Any help/advice is much appreciated.

vyepez88 commented 2 years ago

Does this file exist: <path>/processed_results/aberrant_splicing/results/v37/fraser/small/results.tsv? If not, you can regenerate it by executing snakemake <path>/processed_results/aberrant_splicing/results/v37/fraser/small/results.tsv

SathyaDarmalinggam commented 2 years ago

Hi @vyepez88, I regenerated the file using your command but get this warning message Warning message: The aberrant splicing pipeline gave 0 results for the small dataset. I proceeded to run the module again anyway, and it throws me the same error as above.
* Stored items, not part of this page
Lemma lift_eq0 m (k : 'I_m.+2) (i : 'I_m.+1) :
  k != ord0 -> (lift k i == ord0) = (i == ord0).
Proof.
move=> k_neq0; rewrite -!val_eqE /= /bump addn_eq0 eqb0 -ltnNge.
by case: (val i) => [|?]; rewrite ?andbF // andbT lt0n.
Qed.

Lemma gram_mulmx (R : rcfType) m n p (A : 'M[R]_(m, n)) (B : 'M_(n, p)) :
  gram (A *m B) = B^T *m gram A *m B.
Proof. by rewrite /gram trmx_mul !mulmxA. Qed.

Lemma gram_colsub (R : rcfType) m n p (f : 'I_p -> 'I_n) (S : 'M[R]_(m, n)) :
  gram (colsub f S) = mxsub f f (gram S).
Proof.
by apply/matrixP => i j; rewrite !mxE; apply: eq_bigr => r _; rewrite !mxE.
Qed.

Definition equi_mx {R : nzRingType} n (b : R) : 'M[R]_n :=
  \matrix_(i, j) (if i == j then 1 else b).

Section EquicorrelationMatrix.
Variable R : fieldType.

Lemma equi_mxE n (b : R) : equi_mx n b = (1 - b)%:M + b *: const_mx 1.
Proof.
by apply/matrixP => i j; rewrite !mxE; case: eqP => _; rewrite ?mulr1n ?mulr0n; ring.
Qed.

Lemma mul_const_mx1 n :
  (const_mx 1 : 'M[R]_n) *m const_mx 1 = n%:R *: const_mx 1 :> 'M_n.
Proof.
apply/matrixP => i j; rewrite !mxE (eq_bigr (fun _ => 1)) => [|k _]; last first.
  by rewrite !mxE mulr1.
by rewrite sumr_const card_ord mulr1.
Qed.

Lemma mulmx_equi_mx_inv n (b : R) : 1 - b != 0 -> 1 + b * n%:R / (1 - b) != 0 ->
  equi_mx n b *m ((1 - b)^-1%:M
     - (b / ((1 - b) ^+ 2 * (1 + b * n%:R / (1 - b)))) *: const_mx 1) = 1%:M.
Proof.
move=> b1_neq0 den_neq0.
have den : (1 - b + b * n%:R) != 0.
  move: den_neq0; rewrite -{1}(divff b1_neq0) -mulrDl mulf_eq0 invr_eq0 negb_or.
  by case/andP.
rewrite equi_mxE mulmxDl !mulmxBr mul_scalar_mx mul_mx_scalar -!scalemxAl
  -!scalemxAr mul_const_mx1 ?mul_scalar_mx.
by apply/matrixP => i j; rewrite !mxE; case: eqP => _;
  rewrite ?mulr1n ?mulr0n; field; rewrite b1_neq0 den.
Qed.

End EquicorrelationMatrix.

Section UniformSimplex.
Variables (R : rcfType) (m : nat).
Local Notation n := m.+1.
Local Notation N := (n%:R : R).

(* [P0] on natural-number indices, so that column sums can be split along
   [index_iota]. *)
Definition P0_entry (r j : nat) : R :=
  if (r < j)%N then - simplex_a R n r / (n - r)%:R
  else if r == j then simplex_a R n r else 0.

Lemma P0E (i : 'I_n) (j : 'I_n.+1) : P0 R n i j = P0_entry i j.
Proof.
rewrite mxE /P0_entry; case: ifP => // /negbT; rewrite -leqNgt => nj.
by rewrite (leq_trans (ltn_ord i) nj).
Qed.

Lemma simplex_a_sqr r : (r < n)%N -> simplex_a R n r ^+ 2 =
  (N - r%:R) * (N + 1) / (N * (N - r%:R + 1)).
Proof.
move=> rn; rewrite /simplex_a sqr_sqrtr; last by rewrite divr_ge0 ?mulr_ge0.
by rewrite -[(n - r).+1]addn1 -[n.+1]addn1 !natrD natrB // ltnW.
Qed.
I've attached the log file from executing this: snakemake <path>/processed_results/aberrant_splicing/results/v37/fraser/small/results.tsv 2021-11-15T232136.144857.snakemake.log

vyepez88 commented 2 years ago

This means that there were no significant results for the small group using the cutoffs that you defined in the config file. If you change the padjCutoff to 1, the pipeline should run through.

SathyaDarmalinggam commented 2 years ago

Hi @vyepez88 & @nickhsmith , the pipeline runs through now. Thanks for your support!